SBA Announces Pricing of $800 Million of Senior Notes by SBA Telecommunications

Boca Raton, Florida, July 10, 2012

SBA Communications Corporation (NASDAQ: SBAC) (“SBA”) announced today that its wholly owned subsidiary SBA Telecommunications, Inc. (“Telecommunications”), has priced an offering of $800 million of senior notes due 2020, which was upsized from the previously announced $650 million (the “Notes”). The Notes will be guaranteed on a senior, unsecured basis by SBA. SBA expects the closing of the Notes to occur on July 13, 2012. The Notes will have an interest rate of 5.750% and will be issued at a price of 100% of their face value.

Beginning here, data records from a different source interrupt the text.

Lemma cz_vtx_onto (c : CZnode n) : exists a b, czpos c = vtx true a b.
Proof. by case/andP: (valP c) => ex oy; apply: pos_is_vtx. Qed.

Lemma cz_vtx_face a b : cz_vtx a b.+1 = cz_face b a.
Proof. by apply: val_inj; exact: vtx_transpose. Qed.

Lemma hedgeV_transpose a b : hedgeV true a b = hedgeV false b a.
Proof. exact: val_inj. Qed.

End Torus.

Lemma light_word_misses_fiber n (F : fieldType) (s : {ffun Vnode n -> F})
    (f : Vnode n -> 'I_n) :
  wt s < n -> exists b, forall e, f e = b -> s e = 0%R.
Proof.
move=> wt_lt; set S := [set e | s e != 0%R].
have card_lt : #|f @: S| < n by apply: leq_ltn_trans (leq_imset_card _ _) wt_lt.
case: (pickP (fun b => b \notin f @: S)) => [b nSb | allS].
  exists b => e feb; apply/eqP; apply: contraNT nSb => se.
  by rewrite -feb; apply: imset_f; rewrite inE.
suff fS : f @: S = [set: 'I_n] by move: card_lt; rewrite fS cardsT card_ord ltnn.
by apply/setP => b; rewrite inE; move/negbFE: (allS b).
Qed.

Lemma light_word_misses_lines n (n_gt1 : 1 < n) tr (F : fieldType)
    (s : {ffun Vnode n -> F}) : wt s < n ->
  (exists b1, forall a e, val e = hedge n_gt1 tr a b1 -> s e = 0%R) /\
  (exists a0, forall b e, val e = vedge n_gt1 tr a0 b -> s e = 0%R).
Proof.
move=> wt_lt; have n_gt0 : 0 < n := ltnW n_gt1.
split.
  have [b sb] := light_word_misses_fiber
    (fun e => Ordinal (ltn_pmod (ycoord tr (val e))./2 n_gt0)) wt_lt.
  exists b => a e eh; apply: sb; apply: val_inj => /=.
  rewrite {}eh /hedge /ycoord /gpos.
  by case: tr; rewrite /= half_mod_double // modn_mod modn_small.
have [a sa] := light_word_misses_fiber
  (fun e => Ordinal (ltn_pmod ((xcoord tr (val e))./2 + (n - 1)) n_gt0)) wt_lt.
exists a => b e ev; apply: sa; apply: val_inj => /=.
have -> : (xcoord tr (val e))./2 = a.+1 %% n.
  rewrite {}ev /vedge /xcoord /gpos -(@half_mod_double n a.+1 0) // addn0 mulnS.
  by case: tr; rewrite /= addnC.
rewrite modnDml; have -> : a.+1 + (n - 1) = a + n by lia.
by rewrite modnDr modn_small.
Qed.

Local Open Scope ring_scope.

Lemma big_supp1 (V : nmodType) (I : finType) (g : I -> V) i0 :
  (forall i, i != i0 -> g i = 0) -> \sum_i g i = g i0.
Proof. by move=> g0; rewrite (bigD1 i0) //= big1 ?addr0. Qed.

Lemma big_supp2 (V : nmodType) (I : finType) (g : I -> V) i1 i2 : i1 != i2 ->
  (forall i, g i != 0 -> (i == i1) || (i == i2)) -> \sum_i g i = g i1 + g i2.
Proof.
move=> i12 supp; rewrite (bigD1 i1) // (bigD1 i2) /=; last by rewrite eq_sym.
rewrite addrA big1 ?addr0 // => i /andP [ne2 ne1].
by case: (g i =P 0) => // /eqP /supp; rewrite (negbTE ne1) (negbTE ne2).
Qed.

Telecommunications intends to use the net proceeds from this offering to (1) repay all amounts outstanding under a bridge loan under which a subsidiary of SBA borrowed an aggregate principal amount of $400.0 million in connection with the Mobilitie transaction and (2) repay all amounts outstanding under its Revolving Credit Facility. The remaining proceeds will be used for general corporate purposes.

The Notes will be offered only to qualified institutional buyers under Rule 144A under the Securities Act of 1933, as amended (the “Securities Act”), and to non-U.S. persons in transactions outside the United States under Regulation S under the Securities Act. The Notes have not been registered under the Securities Act, or any state securities laws, and may not be offered or sold in the United States absent registration or an applicable exemption from the registration requirements of the Securities Act and applicable state securities laws. Telecommunications and SBA have agreed to file a registration statement with the Securities and Exchange Commission (the “SEC”) pursuant to which Telecommunications will either offer to exchange the Notes for substantially similar registered notes or register the resale of the Notes. This press release does not and will not constitute an offer to sell any of the Notes or the solicitation of an offer to buy the Notes, nor shall there be any sale of the Notes in any jurisdiction in which such offer, solicitation or sale would be unlawful.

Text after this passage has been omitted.